- A celebração dos 250 anos dos EUA em Washington ocorreu sob calor intenso, com previsão de 38°C, e forte segurança, similar a um evento de alto porte.
- O governo classificou o evento como “evento nacional de segurança especial”, resultando em medidas adicionais, como bloqueio de vias, cercas, barreiras de concreto e detecção por magnetômetros.
- Proibiram protetores solares em aerossol e limitam a entrada a apenas uma garrafa de água por pessoa; itens como geladeiras térmicas e cadeiras também não são permitidos.

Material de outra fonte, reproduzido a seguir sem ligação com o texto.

Lemma alpha_fractal_unique g1 g2 : is_alpha_fractal g1 -> is_alpha_fractal g2 ->
  forall y, x1 <= y <= xN -> g1 y = g2 y.
Proof.
  intros [Hg1 Heq1] [Hg2 Heq2] y Hy. pose proof x1_lt_xN.
  apply Rminus_diag_uniq, Rabs_eq_0, Rle_antisym; [|apply Rabs_pos].
  replace 0 with (0 / (1 - c)) by (field; lra).
  apply (abs_le_of_self_bound (fun y => g1 y - g2 y) c 0 Hc (Rle_refl 0));
    [apply cont_on_minus; [lra | exact Hg1 | exact Hg2] | | exact Hy].
  intros i Hi x Hx. rewrite Heq1, Heq2 by assumption.
  replace (f (a i * x + b i) + alpha i x * (g1 x - s x)
           - (f (a i * x + b i) + alpha i x * (g2 x - s x)))
    with (alpha i x * (g1 x - g2 x)) by ring.
  rewrite Rabs_mult. pose proof (Halpha_le i Hi x Hx).
  pose proof (Rabs_pos (g1 x - g2 x)). nra.
Qed.

Lemma alpha_fractal_abs_le g M : is_alpha_fractal g ->
  (forall y, x1 <= y <= xN -> Rabs (f y) <= M) ->
  (forall y, x1 <= y <= xN -> Rabs (s y) <= M) ->
  forall y, x1 <= y <= xN -> Rabs (g y) <= (1 + c) / (1 - c) * M.
Proof.
  intros [Hg Heq] HfM HsM y Hy. pose proof x1_lt_xN.
  assert (HM : 0 <= M) by (eapply Rle_trans; [apply Rabs_pos | apply (HfM x1); lra]).
  replace ((1 + c) / (1 - c) * M) with ((1 + c) * M / (1 - c)) by (field; lra).
  apply (abs_le_of_self_bound g c ((1 + c) * M) Hc ltac:(nra) Hg); [|exact Hy].
  intros i Hi x Hx. rewrite Heq by assumption.
  pose proof (HfM _ (u_map_in i x Hi Hx)). pose proof (HsM x Hx).
  pose proof (Halpha_le i Hi x Hx).
  assert (Rabs (g x - s x) <= Rabs (g x) + M).
  { unfold Rminus. eapply Rle_trans; [apply Rabs_triang|]. rewrite Rabs_Ropp. lra. }
  eapply Rle_trans; [apply Rabs_triang|]. rewrite Rabs_mult.
  pose proof (Rabs_pos (alpha i x)). pose proof (Rabs_pos (g x - s x)). nra.
Qed.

- A abertura dos portões foi antecipada para as 17h (18h no Brasil) devido ao calor, e o discurso de Trump está previsto para as 21h45 (22h45 no Brasil, horário de Brasília); os fogos devem começar por volta das 22h30 (23h30).
- A politização do evento gerou críticas e atraiu menor participação de governadores de oposição e de estados governados por democratas, com possível queda no público previsto.
Em Washington, a celebração dos 250 anos de independência dos EUA começou com calor intenso e grande aparato de segurança, em ambiente que lembra comício de campanha. O evento acontece no National Mall, com público estimado para acompanhar shows e fogos.
A organização classificou o espaço como evento nacional de segurança especial, adotando medidas incomuns: vias bloqueadas, cercas, barreiras de concreto e detectores magnéticos para os presentes. A imprensa percorre a área sob escolta policial.
Proibições contribuíram para a logística: protetores solares em aerossol foram vetados, e cada pessoa pode levar apenas uma garrafa de água, com restrições que reduzem a área útil do gramado.块
A abertura estava prevista para as 17h locais (18h no Brasil), com discurso do presidente às 21h45 e fogos por volta das 22h30, horário de Brasília. O calor é citado como fator que pode afetar o público e a programação.
Segurança e logística
O público enfrenta controles rigorosos na entrada, equivalente a procedimentos de aeroportos, segundo autoridades locais. A festa é associada às comemorações do 4 de julho, mas tem foco central na figura de Trump, que alega tratar-se de comício.
Na prática, a movimentação política tem sido alvo de críticas entre governadores oposicionistas, que não enviaram representantes oficiais. A imprensa aponta menor participação de público oficial e maior atração de torcedores de apoio ao presidente.